Listed entries:
(* Let $\alpha>0$ and $\lambda\in\mathbb C$ with $\operatorname{Re}\lambda>-1$ and $\lambda\notin\{0,1\}$. Then the hypergeometric equation $$z(1-z)\psi''+\big((\lambda-\sqrt{1+\alpha})-2\lambda z\big)\psi'-\lambda(\lambda-1)\psi=0$$ has no nontrivial solution $\psi\in C^\infty[0,1]$ (equivalently, with $y'=2z-1$, the equation $(\lambda^2-\lambda)\psi+(2\lambda y'+2\sqrt{1+\alpha})\psi'+(y'^2-1)\psi''=0$ has no nontrivial solution in $C^\infty[-1,1]$). As a consequence, the equation $$(\lambda^2+\lambda)\varphi+\Big((2\lambda+2)y+\frac{2\alpha}{\sqrt{1+\alpha}+y}\Big)\varphi'+(y^2-1)\varphi''=0$$ has no nontrivial solution $\varphi\in C^\infty[-1,1]$ when $\operatorname{Re}\lambda>-1$ and $\lambda\notin\{0,1\}$. *)

From Stdlib Require Import Reals.
From Coquelicot Require Import Coquelicot.
Open Scope R_scope.

Definition deriv_within (a b : R) (f g : R -> C) : Prop :=
  forall x, a <= x <= b ->
    forall eps, 0 < eps -> exists delta, 0 < delta /\
      forall h, h <> 0 -> a <= x + h <= b -> Rabs h < delta ->
        Cmod (Cminus (Cdiv (Cminus (f (x + h)) (f x)) (RtoC h)) (g x)) < eps.

Definition deriv_tower (a b : R) (D : nat -> R -> C) : Prop :=
  forall n, deriv_within a b (D n) (D (S n)).

Definition smooth_on_with (a b : R) (f : R -> C) (D : nat -> R -> C) : Prop :=
  (forall x, a <= x <= b -> D O x = f x) /\ deriv_tower a b D.

From Stdlib Require Import Reals Lra Lia Psatz List.
From Coquelicot Require Import Coquelicot.
Import ListNotations.
Open Scope R_scope.

(* Write the middle equation as L_lam u = (lam^2 - lam) u + (2 lam y + 2 s) u' + (y^2 - 1) u'' = 0.
   Differentiating it shows that u^(n) solves L_(lam + n) = 0.  For n large the
   weighted norm (1 - y^2) |u^(n)|^2, which vanishes at +-1, cannot have a
   positive interior maximum (its second derivative is positive at every
   critical point), so u^(n) = 0; since (lam + j)(lam + j - 1) <> 0 for all j,
   the equation then gives u^(j) = 0 by descending induction.  The
   hypergeometric form is the affine change z = (y + 1)/2.  If phi solves the
   last equation, then (s - Y)^(-lam) phi((s Y - 1)/(s - Y)) solves L_lam = 0,
   where s = sqrt(1 + alpha). *)

Lemma C_eq_components (x y : C) : fst x = fst y -> snd x = snd y -> x = y.
Proof. destruct x, y; simpl; intros; subst; reflexivity. Qed.

Ltac unfold_C := unfold Cminus, Cplus, Cmult, Copp, RtoC, Cdiv, Cinv, Cconj in *; simpl in *.

Lemma RtoC_neq0 (h : R) : h <> 0 -> RtoC h <> RtoC 0.
Proof. intros H E. apply H. injection E; auto. Qed.

Lemma Cmult_eq0_r (a b : C) : a <> RtoC 0 -> (a * b)%C = RtoC 0 -> b = RtoC 0.
Proof.
  intros Ha E. apply Cmod_eq_0. apply (f_equal Cmod) in E. rewrite Cmod_mult, Cmod_0 in E.
  apply Cmod_gt_0 in Ha. generalize (Cmod_ge_0 b). nra.
Qed.

Definition lim0 (P : R -> Prop) (F : R -> C) (L : C) :=
  forall eps, 0 < eps -> exists d, 0 < d /\
    forall h, P h -> Rabs h < d -> Cmod (F h - L)%C < eps.

Section Lim0.
Variable P : R -> Prop.

Lemma lim0_ext F G L : (forall h, P h -> F h = G h) -> lim0 P F L -> lim0 P G L.
Proof.
  intros E H eps He. destruct (H eps He) as [d [Hd H']]. exists d; split; auto.
  intros h Ph Hh. rewrite <- E; auto.
Qed.

Lemma lim0_const c : lim0 P (fun _ => c) c.
Proof.
  intros eps He. exists 1; split; [lra|]. intros.
  replace (c - c)%C with (RtoC 0) by ring. rewrite Cmod_0; auto.
Qed.

Lemma lim0_plus F G a b :
  lim0 P F a -> lim0 P G b -> lim0 P (fun h => F h + G h)%C (a + b)%C.
Proof.
  intros HF HG eps He.
  destruct (HF (eps/2)) as [d1 [Hd1 H1]]; [lra|].
  destruct (HG (eps/2)) as [d2 [Hd2 H2]]; [lra|].
  exists (Rmin d1 d2); split; [apply Rmin_glb_lt; auto|].
  intros h Ph Hh. apply Rmin_Rgt in Hh as [Hh1 Hh2].
  replace (F h + G h - (a + b))%C with ((F h - a) + (G h - b))%C by ring.
  eapply Rle_lt_trans; [apply Cmod_triangle|].
  specialize (H1 h Ph Hh1). specialize (H2 h Ph Hh2). lra.
Qed.

Lemma lim0_mult F G a b :
  lim0 P F a -> lim0 P G b -> lim0 P (fun h => F h * G h)%C (a * b)%C.
Proof.
  intros HF HG eps He.
  set (K := 2 + Cmod a + Cmod b).
  assert (HK : 0 < K) by (unfold K; generalize (Cmod_ge_0 a) (Cmod_ge_0 b); lra).
  set (e := Rmin 1 (eps / K)).
  assert (He0 : 0 < e) by (apply Rmin_glb_lt; [lra | apply Rdiv_lt_0_compat; auto]).
  assert (He1 : e <= 1) by apply Rmin_l.
  assert (HeK : e * K <= eps).
  { assert (e <= eps / K) by apply Rmin_r.
    apply Rmult_le_compat_r with (r := K) in H; [|lra].
    unfold Rdiv in H. rewrite Rmult_assoc, Rinv_l in H; lra. }
  destruct (HF e He0) as [d1 [Hd1 H1]]. destruct (HG e He0) as [d2 [Hd2 H2]].
  exists (Rmin d1 d2); split; [apply Rmin_glb_lt; auto|].
  intros h Ph Hh. apply Rmin_Rgt in Hh as [Hh1 Hh2].
  specialize (H1 h Ph Hh1). specialize (H2 h Ph Hh2).
  replace (F h * G h - a * b)%C with ((F h - a) * ((G h - b) + b) + a * (G h - b))%C by ring.
  eapply Rle_lt_trans; [apply Cmod_triangle|]. rewrite !Cmod_mult.
  assert (Cmod (G h - b + b)%C <= e + Cmod b).
  { eapply Rle_trans; [apply Cmod_triangle|]. lra. }
  generalize (Cmod_ge_0 (F h - a)%C) (Cmod_ge_0 a) (Cmod_ge_0 (G h - b)%C) (Cmod_ge_0 b)
    (Cmod_ge_0 (G h - b + b)%C); intros.
  assert (Cmod (F h - a)%C * Cmod (G h - b + b)%C <= e * (e + Cmod b))
    by (apply Rmult_le_compat; lra).
  assert (Cmod a * Cmod (G h - b)%C <= Cmod a * e) by (apply Rmult_le_compat_l; lra).
  unfold K in HeK. nra.
Qed.

Lemma lim0_Cconj F L : lim0 P F L -> lim0 P (fun h => Cconj (F h)) (Cconj L).
Proof.
  intros H eps He. destruct (H eps He) as [d [Hd H']]. exists d; split; auto.
  intros h Ph Hh. rewrite <- Cminus_conj, Cmod_conj. auto.
Qed.

Lemma lim0_RtoC f l :
  (forall eps, 0 < eps -> exists d, 0 < d /\
     forall h, P h -> Rabs h < d -> Rabs (f h - l) < eps) ->
  lim0 P (fun h => RtoC (f h)) (RtoC l).
Proof.
  intros H eps He. destruct (H eps He) as [d [Hd H']]. exists d; split; auto.
  intros. rewrite <- RtoC_minus, Cmod_R; auto.
Qed.

End Lim0.

Lemma lim0_comp P Q F K L :
  lim0 P F L -> (forall h, Q h -> P (K h)) ->
  (forall e, 0 < e -> exists d, 0 < d /\ forall h, Q h -> Rabs h < d -> Rabs (K h) < e) ->
  lim0 Q (fun h => F (K h)) L.
Proof.
  intros HF HPQ HK eps He. destruct (HF eps He) as [d [Hd H]].
  destruct (HK d Hd) as [d' [Hd' H']]. exists d'; split; auto.
Qed.

(** * Derivatives within a closed interval *)

Definition increment_dom (a b x h : R) : Prop := h <> 0 /\ a <= x + h <= b.

Definition diff_quot (f : R -> C) (x h : R) : C := ((f (x + h)%R - f x) / h)%C.

Lemma lim0_increment_unique a b x F L c : a < b -> a <= x <= b ->
  lim0 (increment_dom a b x) F L ->
  (forall h, h <> 0 -> a < x + h < b -> F h = c) -> L = c.
Proof.
  intros Hab Hx H Hc. replace L with ((L - c) + c)%C by ring.
  replace (L - c)%C with (RtoC 0); [ring|]. symmetry. apply Cmod_eq_0.
  apply Rle_antisym; [|apply Cmod_ge_0]. apply Rnot_lt_le. intro Hp.
  destruct (H _ Hp) as [d [Hd H']].
  set (k := Rmin (d/2) ((b - a)/4)).
  assert (Hk : 0 < k) by (apply Rmin_glb_lt; lra).
  assert (Hkd : k <= d/2) by apply Rmin_l. assert (Hkb : k <= (b - a)/4) by apply Rmin_r.
  assert (Hgap : exists h, h <> 0 /\ a < x + h < b /\ Rabs h < d).
  { destruct (Rle_lt_dec x ((a + b)/2)).
    - exists k. rewrite Rabs_right by lra. repeat split; lra.
    - exists (-k). rewrite Rabs_left by lra. repeat split; lra. }
  destruct Hgap as [h [Hh0 [Hhin Hhd]]].
  assert (Hlt := H' h (conj Hh0 (conj (Rlt_le _ _ (proj1 Hhin)) (Rlt_le _ _ (proj2 Hhin)))) Hhd).
  rewrite Hc in Hlt by auto.
  replace (c - L)%C with (- (L - c))%C in Hlt by ring. rewrite Cmod_opp in Hlt. lra.
Qed.

Lemma lim0_continuity_pt a b (f : R -> R) x : continuity_pt f x ->
  lim0 (increment_dom a b x) (fun h => RtoC (f (x + h))) (RtoC (f x)).
Proof.
  intros Hf. apply lim0_RtoC. intros eps He.
  destruct (Hf eps He) as [d [Hd H]]. exists d; split; auto.
  intros h [Hh _] Hhd. apply (H (x + h)). simpl. unfold R_dist, D_x, no_cond.
  replace (x + h - x) with h by ring. repeat split; auto. lra.
Qed.

Lemma deriv_within_lim0 a b f g : deriv_within a b f g <->
  forall x, a <= x <= b -> lim0 (increment_dom a b x) (diff_quot f x) (g x).
Proof.
  split.
  - intros H x Hx eps He. destruct (H x Hx eps He) as [d [Hd H']]. exists d; split; auto.
    intros h [Hh1 Hh2] Hh. apply H'; auto.
  - intros H x Hx eps He. destruct (H x Hx eps He) as [d [Hd H']]. exists d; split; auto.
    intros h Hh1 Hh2 Hh. apply (H' h); auto. split; auto.
Qed.

Section DerivWithin.
Variables a b : R.

Lemma deriv_within_continuous f g x : deriv_within a b f g -> a <= x <= b ->
  lim0 (increment_dom a b x) (fun h => f (x + h)) (f x).
Proof.
  rewrite deriv_within_lim0. intros H Hx.
  assert (L : lim0 (increment_dom a b x) (fun h => diff_quot f x h * h + f x)%C
                (g x * 0 + f x)%C).
  { apply lim0_plus; [apply lim0_mult; auto | apply lim0_const].
    apply lim0_RtoC. intros eps He. exists eps; split; auto.
    intros. rewrite Rminus_0_r; auto. }
  replace (g x * 0 + f x)%C with (f x) in L by ring.
  eapply lim0_ext; [|apply L]. intros h [Hh _]. unfold diff_quot. field. apply RtoC_neq0; auto.
Qed.

Lemma deriv_within_ext f1 f2 g1 g2 :
  (forall x, a <= x <= b -> f1 x = f2 x) -> (forall x, a <= x <= b -> g1 x = g2 x) ->
  deriv_within a b f1 g1 -> deriv_within a b f2 g2.
Proof.
  rewrite !deriv_within_lim0. intros Ef Eg H x Hx. rewrite <- Eg; auto.
  eapply lim0_ext; [|apply H; auto]. intros h [Hh Hh2]. unfold diff_quot. rewrite !Ef; auto.
Qed.

Lemma deriv_within_const c : deriv_within a b (fun _ => c) (fun _ => RtoC 0).
Proof.
  rewrite deriv_within_lim0. intros x Hx. eapply lim0_ext; [|apply lim0_const].
  intros h [Hh _]. unfold diff_quot. field. apply RtoC_neq0; auto.
Qed.

Lemma deriv_within_id : deriv_within a b (fun x => RtoC x) (fun _ => RtoC 1).
Proof.
  rewrite deriv_within_lim0. intros x Hx. eapply lim0_ext; [|apply lim0_const].
  intros h [Hh _]. unfold diff_quot. apply C_eq_components; unfold_C; field; auto.
Qed.

Lemma deriv_within_plus f1 g1 f2 g2 : deriv_within a b f1 g1 -> deriv_within a b f2 g2 ->
  deriv_within a b (fun x => f1 x + f2 x)%C (fun x => g1 x + g2 x)%C.
Proof.
  rewrite !deriv_within_lim0. intros H1 H2 x Hx.
  eapply lim0_ext; [|apply lim0_plus; [apply H1 | apply H2]; auto].
  intros h [Hh _]. unfold diff_quot. field. apply RtoC_neq0; auto.
Qed.

Lemma deriv_within_mult f1 g1 f2 g2 : deriv_within a b f1 g1 -> deriv_within a b f2 g2 ->
  deriv_within a b (fun x => f1 x * f2 x)%C (fun x => g1 x * f2 x + f1 x * g2 x)%C.
Proof.
  intros H1 H2. assert (C2 := fun x => deriv_within_continuous _ _ x H2).
  rewrite deriv_within_lim0 in *. intros x Hx.
  eapply lim0_ext; [|apply lim0_plus;
    [apply lim0_mult; [apply H1; auto | apply C2; auto]
    | apply lim0_mult; [apply lim0_const | apply H2; auto]]].
  intros h [Hh _]. unfold diff_quot. field. apply RtoC_neq0; auto.
Qed.

Lemma deriv_within_scal c f g : deriv_within a b f g ->
  deriv_within a b (fun x => c * f x)%C (fun x => c * g x)%C.
Proof.
  intros H. eapply deriv_within_ext; [| | apply (deriv_within_mult _ _ _ _ (deriv_within_const c) H)];
  intros; simpl; ring.
Qed.

Lemma deriv_within_of_components (f g : R -> C) :
  (forall x, a <= x <= b ->
     is_derive (fun t => fst (f t)) x (fst (g x)) /\ is_derive (fun t => snd (f t)) x (snd (g x))) ->
  deriv_within a b f g.
Proof.
  intros H x Hx eps He. destruct (H x Hx) as [H1 H2].
  apply is_derive_Reals in H1. apply is_derive_Reals in H2.
  destruct (H1 (eps/2)) as [d1 Hd1]; [lra|]. destruct (H2 (eps/2)) as [d2 Hd2]; [lra|].
  exists (Rmin d1 d2). split; [apply Rmin_glb_lt; apply cond_pos|].
  intros h Hh Hxh Hhd. apply Rmin_Rgt in Hhd as [Hh1 Hh2].
  specialize (Hd1 h Hh Hh1). specialize (Hd2 h Hh Hh2).
  assert (Eq : (diff_quot f x h - g x)%C =
    ((fst (f (x + h)) - fst (f x)) / h - fst (g x), (snd (f (x + h)) - snd (f x)) / h - snd (g x))).
  { unfold diff_quot. apply C_eq_components; unfold_C; field; auto. }
  change (Cmod (diff_quot f x h - g x)%C < eps). rewrite Eq.
  eapply Rle_lt_trans; [apply Cmod_2Rmax|]. simpl.
  assert (Hs : sqrt 2 < 2).
  { rewrite <- (sqrt_square 2) at 2 by lra. apply sqrt_lt_1_alt. lra. }
  assert (Hm : Rmax (Rabs ((fst (f (x + h)) - fst (f x)) / h - fst (g x)))
                    (Rabs ((snd (f (x + h)) - snd (f x)) / h - snd (g x))) < eps / 2)
    by (apply Rmax_lub_lt; assumption).
  generalize (Rmax_l (Rabs ((fst (f (x + h)) - fst (f x)) / h - fst (g x)))
                     (Rabs ((snd (f (x + h)) - snd (f x)) / h - snd (g x)))).
  generalize (Rabs_pos ((fst (f (x + h)) - fst (f x)) / h - fst (g x))). nra.
Qed.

Work order:
Look above for the line holding "rewrite !deriv_within_lim0. intros H1". Print it and every line after it, exactly, through the line holding "Lemma deriv_within_scal c".

Solution to the problem:
  rewrite !deriv_within_lim0. intros H1 H2 x Hx.
  eapply lim0_ext; [|apply lim0_plus; [apply H1 | apply H2]; auto].
  intros h [Hh _]. unfold diff_quot. field. apply RtoC_neq0; auto.
Qed.

Lemma deriv_within_mult f1 g1 f2 g2 : deriv_within a b f1 g1 -> deriv_within a b f2 g2 ->
  deriv_within a b (fun x => f1 x * f2 x)%C (fun x => g1 x * f2 x + f1 x * g2 x)%C.
Proof.
  intros H1 H2. assert (C2 := fun x => deriv_within_continuous _ _ x H2).
  rewrite deriv_within_lim0 in *. intros x Hx.
  eapply lim0_ext; [|apply lim0_plus;
    [apply lim0_mult; [apply H1; auto | apply C2; auto]
    | apply lim0_mult; [apply lim0_const | apply H2; auto]]].
  intros h [Hh _]. unfold diff_quot. field. apply RtoC_neq0; auto.
Qed.

Lemma deriv_within_scal c f g : deriv_within a b f g ->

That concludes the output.